First of all, a new lunar year is beginning, and with it the year of the tiger. Happy Chinese New Year to all!
We discussed the new Revit Family API in some depth and presented labs to help start making efficient use of it. One issue in the context of families and the loading of families remained unresolved, however, and we have some questions on this from Prasad and Lars Rådman that still remain unanswered, namely on how to use the IFamilyLoadOptions interface. So far nobody was actually able to provide a working example.
Now Gamal Kira of GEM Team Solutions solved this problem and very friendlily provided a sample application illustrating the solution.
The IFamilyLoadOptions interface defines call-back functionality for specific family load situations through the two events OnFamilyFound and OnSharedFamilyFound, called when a family or a shared family being loaded was already present in the target document, respectively.
They both take an output argument in which the event handler has the opportunity to specify whether the existing family's parameter values should be overwritten.
Unfortunately, this does not currently work the way one might expect. Once a family has been loaded into the project, it will not be reloaded later, even if it was modified, and attempting to use this event handler throws an exception.
One would mostly want a family to be reloaded if it has been edited, even if it is already loaded.
The trick to this that Gamal has uncovered is to call the LoadFamily method outside of a command context. Normally, the Revit API is only usable within the command context, although read-only access sometimes also works outside of it, e.g. when called from a modeless dialogue. This is the first example that I know of where some functionality actually requires a non-command context.
Here is what Gamal has to say about his example solution:
I isolated the ILoadOptions solution in a separate project RevitTest.

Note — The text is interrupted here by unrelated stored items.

(* Let $\mathcal H=\{h_1,\dots,h_k\}$ be an admissible set of $k\ge2$ distinct integers with $|h_i|\le h$ for all $i$. Then \[ 1\ll\beta(\mathcal H)\ll \log\log 10h, \] and there is a constant $b_k$ depending only on $k$ such that \[ \mathfrak S(\mathcal H)\ll(\log\log 10h)^{b_k}. \] The implied constants depend only on $k$.
   Context: For a prime $p$, $\nu_p$ is the number of distinct residue classes mod $p$ containing an element of $\mathcal H$. The set $\mathcal H$ is admissible if $\nu_p<p$ for all primes $p$. Define \[ \beta(\mathcal H)=\sum_p\frac{(k-\nu_p)\log p}{p},\qquad \mathfrak S(\mathcal H)=\prod_p\Big(1-\frac{\nu_p}{p}\Big)\Big(1-\frac1p\Big)^{-k}. \] *)

From HB Require Import structures.
From mathcomp Require Import all_boot all_order all_algebra.
From mathcomp Require Import all_classical all_reals all_analysis.
Set Implicit Arguments. Unset Strict Implicit. Unset Printing Implicit Defensive.
Import Order.TTheory GRing.Theory Num.Theory numFieldNormedType.Exports.
Local Open Scope ring_scope.

Definition nu (H : seq int) (p : nat) : nat :=
  size (undup [seq (x %% p%:Z)%Z | x <- H]).

Definition admissible (H : seq int) : Prop :=
  forall p : nat, prime p -> (nu H p < p)%N.

Definition beta_partial (R : realType) (H : seq int) (N : nat) : R :=
  \sum_(p < N | prime p) (((size H - nu H p)%N)%:R * ln (p%:R : R) / p%:R).

Definition beta (R : realType) (H : seq int) : R := limn (beta_partial R H).

Definition sing_partial (R : realType) (H : seq int) (N : nat) : R :=
  \prod_(p < N | prime p)
     ((1 - (nu H p)%:R / p%:R) * (1 - (p%:R : R)^-1) ^- (size H)).

Definition singular_series (R : realType) (H : seq int) : R :=
  limn (sing_partial R H).

(* Let D be the product of the nonzero differences of elements of H, so that
   D <= (2h)^(k^2).  A prime p not dividing D separates the elements of H, so
   nu_p = k: the p-th term of beta vanishes and, by Bernoulli's inequality, the
   p-th Euler factor of the singular series is at most 1.  Hence beta is a
   finite sum over the primes dividing D, and the singular series is bounded by
   its partial product up to D, hence by exp(2k sum_{p | D} 1/p).  Splitting
   the primes dividing D at L ~ log D, the Mertens-type bound
   sum_{p <= n} log p / p <= 2 log n (from prod_{p <= n} p^(n/p) | n!) and
   partial summation give beta << log L and sum_{p | D} 1/p <= 2 log log L + O(1),
   while log L << log log 10h.  The lower bound on beta comes from p = 2 alone,
   since nu_2 <= 1 < k. *)

From HB Require Import structures.
From mathcomp Require Import all_boot all_order all_algebra.
From mathcomp Require Import all_classical all_reals all_analysis.
From mathcomp Require Import ring lra zify.
Import Order.TTheory GRing.Theory Num.Theory numFieldNormedType.Exports.
Set Implicit Arguments.
Unset Strict Implicit.
Unset Printing Implicit Defensive.
Local Open Scope ring_scope.

Lemma bernoulli_ineq (R : realDomainType) (x : R) n :
  -1 <= x -> 1 + n%:R * x <= (1 + x) ^+ n.
Proof.
move=> x_ge; have x1_ge0 : 0 <= 1 + x by lra.
elim: n => [|n IH]; first by rewrite mul0r addr0 expr0.
have := ler_wpM2l x1_ge0 IH; rewrite -exprS.
have : 0 <= n%:R * x * x by rewrite -mulrA mulr_ge0 // -expr2 sqr_ge0.
rewrite -natr1; nra.
Qed.

Section RealFacts.
Variable R : realType.

Lemma ln_ge1BV (x : R) : 0 < x -> 1 - x^-1 <= ln x.
Proof.
move=> x_gt0; have : -1 < x^-1 - 1 by rewrite ltrBrDr addrC subrr invr_gt0.
move=> /le_ln1Dx; rewrite addrC subrK lnV ?posrE //; lra.
Qed.

Lemma ln2_bounds : 1/2 <= ln (2 : R) <= 1.
Proof.
apply/andP; split; first by have := @ln_ge1BV 2 ltac:(lra); lra.
by have := @le_ln1Dx R 1 ltac:(lra); rewrite (_ : 1 + 1 = 2).
Qed.

Lemma ln10_gt1 : 1 < ln (10 : R).
Proof.
have -> : (10 : R) = 2 * 5 by rewrite -natrM.
rewrite lnM ?posrE //; have /andP[ln2_ge _] := ln2_bounds.
by have := @ln_ge1BV 5 ltac:(lra); lra.
Qed.

Lemma ln_prod (I : Type) (r : seq I) (P : pred I) (f : I -> R) :
  (forall i, P i -> 0 < f i) ->
  ln (\prod_(i <- r | P i) f i) = \sum_(i <- r | P i) ln (f i).
Proof.
move=> f_gt0; elim: r => [|a r IH]; first by rewrite !big_nil ln1.
rewrite !big_cons; case: ifP => Pa //.
by rewrite lnM ?IH ?posrE ?f_gt0 ?prodr_gt0.
Qed.

Lemma sub_ler_sum_nat (N N' : nat) (P Q : pred nat) (F : nat -> R) :
  (forall i, (i < N)%N -> P i -> (i < N')%N && Q i) ->
  (forall i, (i < N')%N -> Q i -> 0 <= F i) ->
  \sum_(0 <= i < N | P i) F i <= \sum_(0 <= i < N' | Q i) F i.
Proof.
move=> PQ F_ge0.
rewrite (big_nat_widen 0 N (maxn N N')) ?leq_maxl //.
rewrite [X in _ <= X](big_nat_widen 0 N' (maxn N N')) ?leq_maxr //.
rewrite big_mkcond [X in _ <= X]big_mkcond /=.
apply: ler_sum_nat => i _.
case Pi: (P i); case iN: (i < N)%N => /=.
- by move: (PQ i iN Pi) => /andP[-> ->].
all: by case: ifP => // /andP[iN' Qi]; apply: F_ge0.
Qed.

End RealFacts.

Lemma dvdn_prod_prime_powers (N m : nat) (e : nat -> nat) (P : pred nat) :
  (forall p, P p -> prime p) -> (forall p, (p < N)%N -> P p -> p ^ e p %| m)%N ->
  (\prod_(0 <= p < N | P p) p ^ e p %| m)%N.
Proof.
move=> P_prime dvd_m; apply/unstable.Gauss_dvd_prod => [|p]; last first.
  by rewrite mem_index_iota => /andP[_]; apply: dvd_m.
have lt_s : pairwise ltn [seq p <- index_iota 0 N | P p].
  by rewrite -sorted_pairwise ?sorted_filter ?iota_ltn_sorted //; exact: ltn_trans.
rewrite pairwise_map; apply: (@sub_in_pairwise _ prime) lt_s.
  move=> p q p_pr q_pr /= pq.
  by rewrite coprimeXl // coprimeXr // prime_coprime // dvdn_prime2 // ltn_eqF.
by apply/allP => p; rewrite mem_filter => /andP[/P_prime].
Qed.

Lemma fact_le_expn n : (n`! <= n ^ n)%N.
Proof.
elim: n => // n IH; rewrite factS expnS leq_mul //.
by apply: (leq_trans IH); case: n {IH} => // n; rewrite leq_exp2r.
Qed.

Lemma prod_prime_expn_divn_dvd_fact n :
  (\prod_(0 <= p < n.+1 | prime p) p ^ (n %/ p) %| n`!)%N.
Proof.
apply: dvdn_prod_prime_powers => // p _ p_pr.
rewrite pfactor_dvdn ?fact_gt0 // logn_fact //.
by case: n => [|n]; rewrite ?div0n // big_ltn // expn1 leq_addr.
Qed.

Definition cutoff (D : nat) : nat := (trunc_log 2 D).+2.

Section PrimeSums.
Variable R : realType.

Definition mertens_sum (N : nat) : R :=
  \sum_(0 <= p < N.+1 | prime p) ln (p%:R : R) / p%:R.

Definition prime_recip_sum (N : nat) : R :=
  \sum_(0 <= p < N.+1 | prime p) (p%:R : R)^-1.

Lemma ln_prime_ge0 p : prime p -> 0 <= ln (p%:R : R).
Proof. by move=> p_pr; rewrite ln_ge0 // ler1n prime_gt0. Qed.

Lemma mertens_sum_ge0 N : 0 <= mertens_sum N.
Proof. by apply: sumr_ge0 => p p_pr; rewrite divr_ge0 ?ln_prime_ge0. Qed.

Lemma sum_divn_ln_prime_le n :
  \sum_(0 <= p < n.+1 | prime p) (n %/ p)%:R * ln (p%:R : R) <= n%:R * ln (n%:R : R).
Proof.
have [->|n_gt0] := posnP n; first by rewrite mul0r big1 // => p _; rewrite div0n mul0r.
have prod_gt0 : (0 < \prod_(0 <= p < n.+1 | prime p) p ^ (n %/ p))%N.
  by rewrite prodn_cond_gt0 // => p /prime_gt0 p_gt0; rewrite expn_gt0 p_gt0.
rewrite mulr_natl -lnXn ?ltr0n //.
rewrite (eq_bigr (fun p => ln ((p%:R : R) ^+ (n %/ p)))); last first.
  by move=> p /prime_gt0 p_gt0; rewrite lnXn ?ltr0n // mulr_natl.
rewrite -ln_prod => [|p /prime_gt0 p_gt0]; last by rewrite exprn_gt0 ?ltr0n.
rewrite -natrX (eq_bigr (fun p => (p ^ (n %/ p))%:R)) => [|p _]; last by rewrite natrX.
rewrite -natr_prod ler_ln ?posrE ?ltr0n ?expn_gt0 ?n_gt0 // ler_nat.
apply: leq_trans (fact_le_expn n).
by apply: dvdn_leq (fact_gt0 n) _; exact: prod_prime_expn_divn_dvd_fact.
Qed.

Lemma mertens_sum_le n : (1 <= n)%N -> mertens_sum n <= 2 * ln (n%:R : R).
Proof.
move=> n_ge1; have n_gt0 : (0 : R) < n%:R by rewrite ltr0n.
have -> : 2 * ln (n%:R : R) = 2 / n%:R * (n%:R * ln n%:R).
  by rewrite mulrA divfK ?lt0r_neq0.
have c_ge0 : 0 <= 2 / n%:R :> R by rewrite divr_ge0 ?ler0n.
apply: (le_trans _ (ler_wpM2l c_ge0 (sum_divn_ln_prime_le n))).
rewrite /mertens_sum mulr_sumr big_nat_cond [X in _ <= X]big_nat_cond.
apply: ler_sum => p /andP[/andP[_ p_le] p_pr].
have p_gt0 := prime_gt0 p_pr.
have n_le : (n%:R : R) <= 2 * (n %/ p)%:R * p%:R.
  suff : (n <= 2 * (n %/ p) * p)%N by rewrite -(ler_nat R) !natrM.
  rewrite -mulnA mul2n -addnn {1}(divn_eq n p) leq_add2l.
  apply: leq_trans (ltnW (ltn_pmod n p_gt0)) _.
  by rewrite leq_pmull // divn_gt0.
have -> : 2 / n%:R * ((n %/ p)%:R * ln (p%:R : R)) =
    ln (p%:R : R) * (2 * (n %/ p)%:R / n%:R) by ring.
rewrite ler_wpM2l ?ln_prime_ge0 // ler_pdivlMr // mulrC ler_pdivrMr ?ltr0n //.
Qed.

Lemma mertens_sumS N : mertens_sum N.+1 =
  mertens_sum N + (if prime N.+1 then ln (N.+1%:R : R) / N.+1%:R else 0).
Proof. by rewrite /mertens_sum big_mkcond big_nat_recr //= -big_mkcond. Qed.

Lemma prime_recip_sumS N : prime_recip_sum N.+1 =
  prime_recip_sum N + (if prime N.+1 then (N.+1%:R : R)^-1 else 0).
Proof. by rewrite /prime_recip_sum big_mkcond big_nat_recr //= -big_mkcond. Qed.

Lemma div_ln_sub_le (A x y : R) : 1 < x -> x <= y -> 0 <= A <= 2 * ln x ->
  A / ln x - A / ln y <= 2 * (ln (ln y) - ln (ln x)).
Proof.
move=> x_gt1 le_xy /andP[A_ge0 A_le].
have lnx_gt0 : 0 < ln x by rewrite ln_gt0.
have lny_gt0 : 0 < ln y by rewrite ln_gt0 //; lra.
have lnx_le : ln x <= ln y by rewrite ler_ln ?posrE //; lra.
have d_ge0 : 0 <= (ln y - ln x) / (ln x * ln y).
  by apply: divr_ge0; [lra | apply: mulr_ge0; lra].
have -> : A / ln x - A / ln y = A * ((ln y - ln x) / (ln x * ln y)).
  by field; rewrite !lt0r_neq0.
apply: (le_trans (ler_wpM2r d_ge0 A_le)).
have -> : 2 * ln x * ((ln y - ln x) / (ln x * ln y)) = 2 * (1 - (ln y / ln x)^-1).
  by field; rewrite !lt0r_neq0.
by rewrite ler_wpM2l // -ln_div ?posrE // ln_ge1BV ?divr_gt0.
Qed.

Lemma prime_recip_sum_le_abel N : (2 <= N)%N ->
  prime_recip_sum N <= mertens_sum N / ln N%:R + 2 * (ln (ln N%:R) - ln (ln 2)).
Proof.
move=> /subnK <-; elim: (N - 2)%N => [|m IH].
  rewrite /prime_recip_sum /mertens_sum big_mkcond [X in _ <= X / _ + _]big_mkcond.
  rewrite !big_nat_recr //= !big_nil subrr mulr0 addr0 !add0r.
  by rewrite add0n addr0 mulrAC divff ?mul1r // lt0r_neq0 // ln_gt0 // ltr1n.
rewrite addSn mertens_sumS prime_recip_sumS.
set x : R := (m + 2)%:R; set y : R := (m + 2).+1%:R.
have x_gt1 : 1 < x by rewrite ltr1n addn2.
have lny_gt0 : 0 < ln y by rewrite ln_gt0 // ltr1n addn2.
have le_xy : x <= y by rewrite ler_nat.
have A_bd : 0 <= mertens_sum (m + 2) <= 2 * ln x.
  by rewrite mertens_sum_ge0 mertens_sum_le // addn2.
have := div_ln_sub_le x_gt1 le_xy A_bd.
have -> : (if prime (m + 2).+1 then y^-1 else 0) =
    (if prime (m + 2).+1 then ln y / y else 0) / ln y.
  by case: ifP; rewrite ?mul0r // mulrAC divff ?mul1r // lt0r_neq0.
rewrite mulrDl; lra.
Qed.

Lemma prime_recip_sum_le N : (2 <= N)%N ->
  prime_recip_sum N <= 2 + 2 * (ln (ln N%:R) - ln (ln (2 : R))).
Proof.
move=> N_ge2; apply: (le_trans (prime_recip_sum_le_abel N_ge2)); rewrite lerD2r.
have lnN_gt0 : 0 < ln (N%:R : R) by rewrite ln_gt0 // ltr1n.
by rewrite ler_pdivrMr // mertens_sum_le //; lia.
Qed.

The external command GEM RevitTest displays a dialogue box to initiate the LoadFamily call. This dialogue can be displayed either as a modal or modeless form. From the form, LoadFamily can be called either with or without the IFamilyLoadOptions call-backs installed. When modal, the LoadFamily operation is executed within the command context, whereas the modeless dialogue executes it outside of the command context. The call to LoadFamily always throws an exception when called within the command context, regardless of whether the IFamilyLoadOptions call-backs are installed or not. From the modeless version, the IFamilyLoadOptions call-back works.
Very many thanks to Gamal for all his research and for providing this valuable sample!